# Finally scored an Orient



## 66TigerCat (Nov 14, 2013)

I've been searching awhile for an Orient and one finally came along. 1897 or 98. It has a 26" front wheel and a 28" rear so I believe it's the Mile A Minit model but will have to verify. It's a racer in any case. A friend has the catalogs so I'll have to cross reference. I'm amazed at the completeness. I have the original seat post but the saddle is gone(that's a Brooks B19 Special Narrow as a place holder). I have the original block chain also. It has a few nicks/dings/chips but not bad for a 115 year old rig. A real survivor. The wood rims are a little rough. The coolest thing(to me anyway)is that this was built about two miles from where I live. Winter project time.


----------



## Wcben (Nov 14, 2013)

Very cool!... I used to live in Waltham too!


----------



## squeedals (Nov 14, 2013)

Very nice! I'm on that quest too. Can I ask what you paid?


----------



## bricycle (Nov 14, 2013)

Trade you those grips for a block chain??


----------



## bricycle (Nov 14, 2013)

sqrly will wet his pantaloons over that chainwheel, and larmo those pedals.... jest say'n...


----------



## dfa242 (Nov 14, 2013)

Good for you!  
I like 'em too - worked a couple miles from the Waltham factory the last 12 years of my career.


----------



## decotriumph (Nov 14, 2013)

*Orient*

That is great bike. Congratulations on a nice find.


----------



## Gary Mc (Nov 14, 2013)

Congratulations on a GREAT find!!!!!!  I would love to find an Orient, maybe one day.  Yours is in really nice condition.


----------



## filmonger (Nov 14, 2013)

*RE: Wooooow*

Very nice score.... Looks to have been well cared for!


----------



## bricycle (Nov 14, 2013)

Tiger, I have a Gilette ambassador tire like your rear if you want to trade your front...


----------



## 66TigerCat (Nov 14, 2013)

squeedals said:


> Very nice! I'm on that quest too. Can I ask what you paid?

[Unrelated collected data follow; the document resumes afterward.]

Definition dmul x y : dual gT := Dual (dual_mul_ax x y).

Lemma dual_inv_ax x : char_axiom [ffun a => (x a)^-1].
Proof.
apply/andP; split; first by rewrite ffunE dual1 invr1.
by apply/forallP=> a; apply/forallP=> b; rewrite !ffunE dualM invfM.
Qed.

Definition dinv x : dual gT := Dual (dual_inv_ax x).

Definition kdelta (a : gT) : algC := (a == 1%g)%:R.

End DualOps.

Definition Jstar (gT : finGroupType) (J : gT -> gT -> algC) (a b : gT) : algC :=
  - kdelta a - kdelta b + J a b.

Definition jacobi_function (gT : finGroupType) (J : gT -> gT -> algC) : Prop :=
  [/\ (forall a b, J a b = J b a),
      (forall a b g, Jstar J a b * Jstar J (a * b)%g g = Jstar J a (b * g)%g * Jstar J b g)
    & (forall a1 a2 a3 a4,
        \sum_(b : gT) J (a1 * b)%g (a2 * b^-1)%g * J (a3 * b)%g (a4 * b^-1)%g
        = J (a1 * a4)%g (a2 * a3)%g)].

(* F = \hat M ⊔ {0}, with 0 encoded as None. *)
Definition oplus (gT : finGroupType) (c : dual gT) (i : dual gT -> dual gT)
    (u v : option (dual gT)) : option (dual gT) :=
  match u, v with
  | None, _ => v
  | _, None => u
  | Some x, Some y =>
      if x == dmul c y then None
      else Some (dmul x (dinv (i (dmul x (dinv y)))))
  end.

From HB Require Import structures.
From mathcomp Require Import all_boot all_order all_algebra all_fingroup all_solvable all_field.
From mathcomp Require Import ring.
Import GRing.Theory Num.Theory.

Set Implicit Arguments.
Unset Strict Implicit.
Unset Printing Implicit Defensive.

Local Open Scope ring_scope.

(** Put L(a,b,g) = J(a,b) J(ab,g) - δ(ab) J(a,b) + δ(a) δ(b) ([Jassoc]).
    Axiom (B), the symmetry of J and the commutativity of M give
    L(a,b,g) = L(g,b,a). Expanding J in characters, the Fourier transform of L
    at (x,y,z) is
    m [(x ⊕ y) ⊕ z = 1]: the character sums count the x ≠ c with i(x) s = a
    and i(x) x^-1 s = b, whose only candidate x = a/b is a solution exactly
    when a ⊕ b = s. Hence (x ⊕ y) ⊕ z = 1 iff (z ⊕ y) ⊕ x = 1; since ⊕
    commutes with translations of M^, (x ⊕ y) ⊕ z = (z ⊕ y) ⊕ x, which together
    with the commutativity of ⊕ is associativity. *)

Section Characters.
Variable gT : finGroupType.
Implicit Types (x y z : dual gT) (a b : gT).
Local Notation m := (#|gT|%:R : algC).
(* Let $\Bbbk=\mathbb{K}_0\subsetneq\mathbb{K}_1\subsetneq\cdots\subsetneq\mathbb{K}_m$ be a tower of fields with $[\mathbb{K}_j:\mathbb{K}_{j-1}]=2$ for $j=1,\dots,m$, and let $n\ge1$. There exists an algorithm for the inversion of a generic element of $M_n(\mathbb{K}_m)$ which costs $3(3^m-2^m)$ multiplications and $2^m$ inversions in $M_n(\Bbbk)$.
   Context: $M_n(\mathbb{L})$ denotes $n\times n$ matrices over $\mathbb{L}$. For each $j$, $\mathbb{K}_j=\mathbb{K}_{j-1}[\xi_j]$ where the minimal polynomial of $\xi_j$ over $\mathbb{K}_{j-1}$ is in normal form $x^2+\tau_j$ or $x^2+x+\tau_j$. ''Generic'' means for all elements outside a proper Zariski-closed subset of $M_n(\mathbb{K}_m)\cong\Bbbk^{2^m n^2}$. Additions and scalar multiplications are not counted. *)

From HB Require Import structures.
From mathcomp Require Import all_boot all_order all_algebra all_field.
From mathcomp Require Import mpoly.
Set Implicit Arguments. Unset Strict Implicit. Unset Printing Implicit Defensive.
Import GRing.Theory.
Local Open Scope ring_scope.

(* Each instruction appends a new
   register:
   - ILin c0 cs : c0%:M + \sum_(c, j) c *: reg_j   (free: additions and
                  scalar multiplications by elements of k are not counted)
   - IMul i j   : reg_i *m reg_j                   (counted multiplication)
   - IInv i     : invmx reg_i, fails if reg_i is singular (counted inversion) *)
Inductive instr (k : Type) :=
  | ILin of k & seq (k * nat)
  | IMul of nat & nat
  | IInv of nat.

Section SLP.
Variables (k : fieldType) (n : nat).

Definition slp_step (regs : seq 'M[k]_n) (I : instr k) : option (seq 'M[k]_n) :=
  match I with
  | ILin c0 cs => Some (rcons regs (c0%:M + \sum_(p <- cs) p.1 *: nth 0 regs p.2))
  | IMul i j => Some (rcons regs (nth 0 regs i *m nth 0 regs j))
  | IInv i => if nth 0 regs i \in unitmx then Some (rcons regs (invmx (nth 0 regs i)))
              else None
  end.

Definition slp_run (prog : seq (instr k)) (inputs : seq 'M[k]_n) : option (seq 'M[k]_n) :=
  foldl (fun o I => obind (fun regs => slp_step regs I) o) (Some inputs) prog.

Definition slp_eval (prog : seq (instr k)) (outs : seq nat) (inputs : seq 'M[k]_n)
  : option (seq 'M[k]_n) :=
  obind (fun regs => Some [seq nth 0 regs o | o <- outs]) (slp_run prog inputs).

Definition is_mul (I : instr k) : bool := if I is IMul _ _ then true else false.
Definition is_inv (I : instr k) : bool := if I is IInv _ then true else false.
Definition n_mul (prog : seq (instr k)) : nat := count is_mul prog.
Definition n_inv (prog : seq (instr k)) : nat := count is_inv prog.
End SLP.

Section Coords.
Variables (k : fieldType) (L : fieldExtType k) (n d : nat).
Definition coord_mx (b : d.-tuple L) (A : 'M[L]_n) (i : 'I_d) : 'M[k]_n :=
  \matrix_(r, c) coord b i (A r c).
Definition coord_pt (b : d.-tuple L) (A : 'M[L]_n) : 'I_(d * (n * n)) -> k :=
  fun j => mxvec (\matrix_(i < d) mxvec (coord_mx b A i)) 0 j.
End Coords.

(* Write K_(j+1) = K_j + xi K_j with xi^2 = al + be xi (al, be in K_j) and
   store a matrix over K_j as its 2^j coordinate matrices over k.  A product
   over K_(j+1) costs three products over K_j (Karatsuba), hence 3^j products
   over k.  For A = A0 + xi A1 put X = A1 (A0 + be A1)^-1; then
   (1 - xi X) A = A0 - al X A1 =: S, so A^-1 = S^-1 - xi S^-1 X, which costs
   two inversions and three products over K_j: this gives 2^m inversions and
   3 (3^m - 2^m) products.  The resulting straight-line program fails only if
   an inverted matrix is singular.  Running it on polynomial matrices over a
   common denominator shows that it succeeds exactly off the zero set of a
   polynomial in the coordinates of A, and this polynomial does not vanish at
   A = 1, where every inverted matrix is the identity. *)

From HB Require Import structures.
From mathcomp Require Import all_boot all_order all_algebra all_field.
From mathcomp Require Import mpoly.
From mathcomp Require Import ring zify.
Set Implicit Arguments. Unset Strict Implicit. Unset Printing Implicit Defensive.
Import GRing.Theory.
Local Open Scope ring_scope.

Section StraightLinePrograms.
Variables (k : fieldType) (n : nat).
Implicit Types (regs : seq 'M[k]_n) (p : seq (instr k)).

Lemma slp_run_cons I p regs :
  slp_run (I :: p) regs = obind (slp_run p) (slp_step regs I).
Proof. by rewrite /slp_run /=; case: slp_step => //=; elim: p. Qed.

Lemma slp_run_cat p1 p2 regs :
  slp_run (p1 ++ p2) regs = obind (slp_run p2) (slp_run p1 regs).
Proof.
elim: p1 regs => [|I p IH] regs //=.
by rewrite !slp_run_cons; case: slp_step => //= r; apply: IH.
Qed.

Lemma slp_step_rcons I regs regs' :
  slp_step regs I = Some regs' -> exists v, regs' = rcons regs v.
Proof.
case: I => [c cs|i j|i] /=; last case: ifP => // _.
all: by move=> [<-]; eexists.
Qed.

Lemma slp_run_append p regs regs' : slp_run p regs = Some regs' ->
  exists2 e, regs' = regs ++ e & size e = size p.
Proof.
elim: p regs => [|I p IH] regs; first by move=> [<-]; exists [::]; rewrite ?cats0.
rewrite slp_run_cons; case Hs: slp_step => [r|] //= /IH [e -> <-].
by have [v ->] := slp_step_rcons Hs; exists (v :: e); rewrite ?cat_rcons.
Qed.

Definition linval regs (cs : seq (k * nat)) : 'M[k]_n :=
  \sum_(q <- cs) q.1 *: nth 0 regs q.2.

Lemma slp_run_lins (I : Type) (f : I -> seq (k * nat)) (s : seq I) regs :
  (forall l q, q \in f l -> q.2 < size regs)%N ->
  slp_run [seq ILin 0 (f l) | l <- s] regs =
    Some (regs ++ [seq linval regs (f l) | l <- s]).
Proof.
elim: s regs => [|l s IH] regs /= Hf; first by rewrite cats0.
rewrite slp_run_cons /= raddf0 add0r IH => [|l' q /Hf]; last first.
  by rewrite size_rcons => /ltnW.
rewrite cat_rcons; congr (Some (_ ++ _ :: _)); apply: eq_map => l'.
by rewrite /linval !big_seq; apply: eq_bigr => q /Hf Hq; rewrite nth_rcons Hq.
Qed.

End StraightLinePrograms.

I paid $800. A screamin' deal for such a scarce machine. All the one's I've seen in the last 10 or so years(excluding what I've seen in museums and many of those are restored)were rusty or missing alot of parts.


----------



## bricycle (Nov 14, 2013)

nice price for sure.


----------



## 66TigerCat (Nov 14, 2013)

bricycle said:


> Trade you those grips for a block chain??




Thanks Bri., but I have the original block chain and a second skip tooth that came with it.


----------



## 66TigerCat (Nov 14, 2013)

bricycle said:


> Tiger, I have a Gilette ambassador tire like your rear if you want to trade your front...




Bri., PM sent.


----------



## Dan the bike man (Nov 14, 2013)

Wow, I'd love to find a mens 1800's bike that nice for $800.


----------



## chitown (Nov 14, 2013)

Incredible bike and a fantastic deal too! Congrats.


----------



## thehugheseum (Nov 14, 2013)

wow,that is really really nice


----------



## catfish (Nov 15, 2013)

Very nice find! I know I had a few of those oval centers for the head badge, but I can't find them.


----------



## corbettclassics (Nov 15, 2013)

I think $800 is a steal for that bike!!!!  I'm guessing the guy you bought it from does
not do internet or would have known the real price of that beauty.  There's a lot of
older guys out there selling stuff that just don't do the internet to keep up with prices.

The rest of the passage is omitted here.